# Implement multidimensional discrete distribution #830

Merged
merged 1 commit into from Feb 27, 2017

## Conversation

Projects
None yet
2 participants
Contributor

### MikeLing commented Dec 15, 2016

 No description provided.

Closed

Member

### rcurtin commented Dec 20, 2016

 Hi there @MikeLing, thanks for the contribution. Unfortunately I'm not totally sure what this overload does since there are no comments. Ideally, for multidimensional discrete distribution support, the API shouldn't change, it should just be a generalization. Note that now, when you call `DiscreteDistribution::Probability()`, the parameter `const arma::vec& observation` must be a one-dimensional vector. The idea is to generalize this, so that a discrete distribution can have many dimensions. The distribution should have zero correlation across dimensions, so if I have the vector "a,b" then P(a,b) = P(a)P(b).
Contributor

### MikeLing commented Dec 21, 2016

 Hi @rcurtin, thank you for your help. :) But the `Probability()` do accept a one dimensional vector[1], but we only use the first value of that vector. So the idea in here is about to make `DiscreteDistribution::Probability()` can do something like: d.Probability("0") -> P(0) d.Probability("0, 1") -> P(0)P(1)
Member

### rcurtin commented Dec 21, 2016

 Yep, exactly. But each dimension may have a different set of probabilities associated with it. So to be more clear... d.Probability("0, 1") -> P_0(0) P_1(1) where P_0() is the PDF associated with the first dimension and P_1() is the PDF associated with the second dimension.
Contributor

### MikeLing commented Dec 21, 2016

 surething, I got it, thank you :) BTW, could you tell me your time schedule normally? Because I'm in UTC+8, so I want to know when I could get touch with you if I have issues or interested issue :)

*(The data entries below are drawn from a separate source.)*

(* Consider the discrete-time linear Gaussian state-space model on time steps $k=1,2,\ldots,T$ (where $T=N+M$, with $N$ steps carrying an observation and $M$ steps with missing observation, in any order): $$\mathbf{x}_1 \sim \mathcal{N}(\mathbf{0},\mathbf{P}_\infty),\qquad \mathbf{x}_k = \mathbf{F}_{k-1}\mathbf{x}_{k-1} + \mathbf{q}_{k-1},\ \ \mathbf{q}_{k-1}\sim\mathcal{N}(\mathbf{0},\mathbf{Q}_{k-1})\ (k\ge 2),$$ $$y_k = \mathbf{H}\mathbf{x}_k + e_k,\quad e_k\sim\mathcal{N}(0,\sigma_k^2)\quad\text{for each observed step }k,$$ where $\mathbf{x}_k\in\mathbb{R}^{n_x}$, $\mathbf{H}\in\mathbb{R}^{1\times n_x}$, $\mathbf{P}_\infty,\mathbf{Q}_{k-1}$ are symmetric positive semidefinite, $\sigma_k^2>0$, and all noises are mutually independent and independent of $\mathbf{x}_1$. For each $k$ define an element $a_k=(\mathbf{A}_k,\mathbf{b}_k,\mathbf{C}_k,\boldsymbol{\eta}_k,\mathbf{J}_k)$ as follows. - If step $k$ has no observation: for $k>1$, $\mathbf{A}_k=\mathbf{F}_{k-1}$, $\mathbf{b}_k=\mathbf{0}$, $\mathbf{C}_k=\mathbf{Q}_{k-1}$; for $k=1$, $\mathbf{A}_1=\mathbf{0}$, $\mathbf{b}_1=\mathbf{0}$, $\mathbf{C}_1=\mathbf{P}_\infty$; and in both cases $\boldsymbol{\eta}_k=\mathbf{0}$, $\mathbf{J}_k=\mathbf{0}$. - If step $k>1$ has an observation: with $S_k=\mathbf{H}\mathbf{Q}_{k-1}\mathbf{H}^\top+\sigma_k^2$ and $\mathbf{K}_k=\mathbf{Q}_{k-1}\mathbf{H}^\top S_k^{-1}$, set $\mathbf{A}_k=(\mathbf{I}-\mathbf{K}_k\mathbf{H})\mathbf{F}_{k-1}$, $\mathbf{b}_k=\mathbf{K}_k y_k$, $\mathbf{C}_k=(\mathbf{I}-\mathbf{K}_k\mathbf{H})\mathbf{Q}_{k-1}$, $\boldsymbol{\eta}_k=\mathbf{F}_{k-1}^\top\mathbf{H}^\top S_k^{-1}y_k$, $\mathbf{J}_k=\mathbf{F}_{k-1}^\top\mathbf{H}^\top S_k^{-1}\mathbf{H}\mathbf{F}_{k-1}$. - If step $k=1$ has an observation: with $S_1=\mathbf{H}\mathbf{P}_\infty\mathbf{H}^\top+\sigma_1^2$ and $\mathbf{K}_1=\mathbf{P}_\infty\mathbf{H}^\top S_1^{-1}$, set $\mathbf{A}_1=\mathbf{0}$, $\mathbf{b}_1=\mathbf{K}_1y_1$, $\mathbf{C}_1=\mathbf{P}_\infty-\mathbf{K}_1S_1\mathbf{K}_1^\top$, $\boldsymbol{\eta}_1=\mathbf{0}$, $\mathbf{J}_1=\mathbf{0}$. Define the binary operator $a_i\otimes a_j=(\mathbf{A}_{ij},\mathbf{b}_{ij},\mathbf{C}_{ij},\boldsymbol{\eta}_{ij},\mathbf{J}_{ij})$ by $$\mathbf{A}_{ij}=\mathbf{A}_j(\mathbf{I}+\mathbf{C}_i\mathbf{J}_j)^{-1}\mathbf{A}_i,\quad \mathbf{b}_{ij}=\mathbf{A}_j(\mathbf{I}+\mathbf{C}_i\mathbf{J}_j)^{-1}(\mathbf{b}_i+\mathbf{C}_i\boldsymbol{\eta}_j)+\mathbf{b}_j,$$ $$\mathbf{C}_{ij}=\mathbf{A}_j(\mathbf{I}+\mathbf{C}_i\mathbf{J}_j)^{-1}\mathbf{C}_i\mathbf{A}_j^\top+\mathbf{C}_j,\quad \boldsymbol{\eta}_{ij}=\mathbf{A}_i^\top(\mathbf{I}+\mathbf{J}_j\mathbf{C}_i)^{-1}(\boldsymbol{\eta}_j-\mathbf{J}_j\mathbf{b}_i)+\boldsymbol{\eta}_i,$$ $$\mathbf{J}_{ij}=\mathbf{A}_i^\top(\mathbf{I}+\mathbf{J}_j\mathbf{C}_i)^{-1}\mathbf{J}_j\mathbf{A}_i+\mathbf{J}_i,$$ and the prefix elements $a_1^*=a_1$, $a_k^*=a_{k-1}^*\otimes a_k$ for $k\ge2$, writing $a_k^*=(\mathbf{A}^*_k,\mathbf{b}^*_k,\mathbf{C}^*_k,\boldsymbol{\eta}^*_k,\mathbf{J}^*_k)$. Then for all $k=1,\ldots,N+M$, the Kalman filter mean $\overline{\mathbf{x}}_k=\mathbb{E}[\mathbf{x}_k\mid \text{observations } y_j \text{ at observed steps } j\le k]$ and covariance $\mathbf{P}_k=\mathrm{Cov}[\mathbf{x}_k\mid \text{same observations}]$ satisfy $\overline{\mathbf{x}}_k=\mathbf{b}^*_k$ and $\mathbf{P}_k=\mathbf{C}^*_k$.
   Context: This arises from a Gaussian process regression problem in state-space form: a continuous-time linear SDE $d\mathbf{x}(t)/dt=\mathbf{G}\mathbf{x}(t)+\mathbf{L}\mathbf{w}(t)$ with $f(t)=\mathbf{H}\mathbf{x}(t)$ started from its stationary covariance $\mathbf{P}_\infty$, discretized at the sorted union of training times (observed) and prediction times (treated as missing observations), giving transition matrices $\mathbf{F}_{k-1}$ and process noise covariances $\mathbf{Q}_{k-1}$. The sequential Kalman filter for this model performs, at each step, a prediction through the transition (for $k\ge2$) and a measurement update only at steps with an observation (no update at missing steps). The matrices $\mathbf{I}+\mathbf{C}_i\mathbf{J}_j$ arising in the operator are assumed invertible (they are, since the $\mathbf{C}$ and $\mathbf{J}$ components are positive semidefinite). The operator $\otimes$ is associative, so the prefix elements can be computed by a parallel scan. *)

From HB Require Import structures.
From mathcomp Require Import all_boot all_order all_algebra.
Set Implicit Arguments. Unset Strict Implicit. Unset Printing Implicit Defensive.
Import Order.TTheory GRing.Theory Num.Theory.
Local Open Scope ring_scope.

### MikeLing reviewed Dec 22, 2016

 + DiscreteDistribution(const size_t numObservations, const size_t dimension=1): + probabilities(dimension, numObservations) + { + probabilities.ones();

#### MikeLing Dec 22, 2016

Contributor

Hi @rcurtin, Could I define and init a matrix like this? Why this failed and I also can't use `probabilities.set_size(dimension, numObservations)`?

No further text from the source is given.